Dapat juga disampaikan bahwa Perjanjian 2010 lahir dari itikad baik PT AGM untuk bersama-sama menjalankan bisnis secara berdampingan.
Inti dari kesepakatan itu adalah tukar pakai tanah antara PT AGM dan PT ATP, dimana PT ATP berhak untuk menggunakan tanah PT AGM seluas 1824 meter persegi (m2) di sebelah timur underpass KM 101 untuk jalan hauling ATP.
Kemudian, PT AGM berhak memakai tanah PT ATP di sebelah barat underpass KM 101 untuk jalan hauling PT AGM.
Dalam Perjanjian 2010 juga terdapat sejumlah poin kesepakatan yang mengikat kedua perusahaan, yaitu pertama, perjanjian berlaku sepanjang tanah tukar pakai masih digunakan untuk jalan hauling.

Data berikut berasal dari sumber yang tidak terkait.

Theorem mainTheorem6 (n : nat) (C : homotopy)
  (Hsmooth : forall i, (i < n)%nat -> smooth2 (C i))
  (Hper : forall i th v, C i (th + 2 * PI) v = C i th v)
  (Himm : forall th v, 0 <= v <= 1 -> vnorm n (dth C th v) <> 0) :
  (forall v, 0 <= v <= 1 ->
     ex_derive (fun s => sqrt (len n C s)) v /\
     Derive (fun s => sqrt (len n C s)) v <=
       / 2 * sqrt (RInt (fun th =>
           (inner n (curv n C th v) (dv C th v)) ^ 2 * speed n C th v) 0 (2 * PI)))
  /\
  (forall v1 v2, 0 <= v1 -> v1 < v2 -> v2 <= 1 ->
     sqrt (len n C v2) - sqrt (len n C v1) <= sqrt (Jfun n C) / 2 * sqrt (v2 - v1))
  /\
  (exists K : R, forall v1 v2, 0 <= v1 <= 1 -> 0 <= v2 <= 1 ->
     Rabs (sqrt (len n C v2) - sqrt (len n C v1)) <= K * sqrt (Rabs (v2 - v1))).
Proof.
  assert (HC : forall i, (i < n)%nat -> C2 (C i))
    by (intros i Hi; apply C2_of_smooth2, Hsmooth, Hi).
  assert (Hpos : forall th v, 0 <= v <= 1 -> 0 < speed n C th v).
  { intros th v Hv. destruct (speed_ge0 n C th v) as [Hlt | Heq]; [exact Hlt|].
    exfalso. apply (Himm th v Hv). symmetry. exact Heq. }
  assert (Hold := fun v1 v2 => sqrt_len_Holder n C HC Hper v1 v2 Hpos).
  split; [|split].
  - intros v Hv.
    destruct (Derive_sqrt_len_bound n C HC Hper v (fun th => Hpos th v Hv)) as [Hex Hle].
    split; [exact Hex | eapply Rle_trans; [apply Rle_abs | exact Hle]].
  - intros v1 v2 H1 H12 H2. eapply Rle_trans; [apply Rle_abs | apply Hold; lra].
  - exists (sqrt (Jfun n C) / 2). intros v1 v2 H1 H2.
    destruct (Rle_lt_dec v1 v2) as [H12 | H21].
    + rewrite (Rabs_right (v2 - v1)) by lra. apply Hold; lra.
    + rewrite Rabs_minus_sym, (Rabs_left (v2 - v1)), Ropp_minus_distr by lra. apply Hold; lra.
Qed.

Kedua, perjanjian tidak berakhir dengan berpindahnya kepemilikan tanah. Ketiga, perjanjian berlaku mengikat kepada para pihak penerus atau pengganti dari pihak yang membuat perjanjian.
Ketika proyek jalan khusus tambang dan pelabuhan PT ATP beralih kepada PT TCT, perjanjian 2010 tetap dilaksanakan baik oleh PT AGM maupun PT TCT selama sepuluh tahun sejak sekitar 2011.
Namun, sejak Oktober 2021, terjadi sengketa wilayah di lahan tersebut. Akhir November 2021, polisi memasang garis polisi yang diikuti blokade oleh PT TCT di wilayah Km 101 Tapin.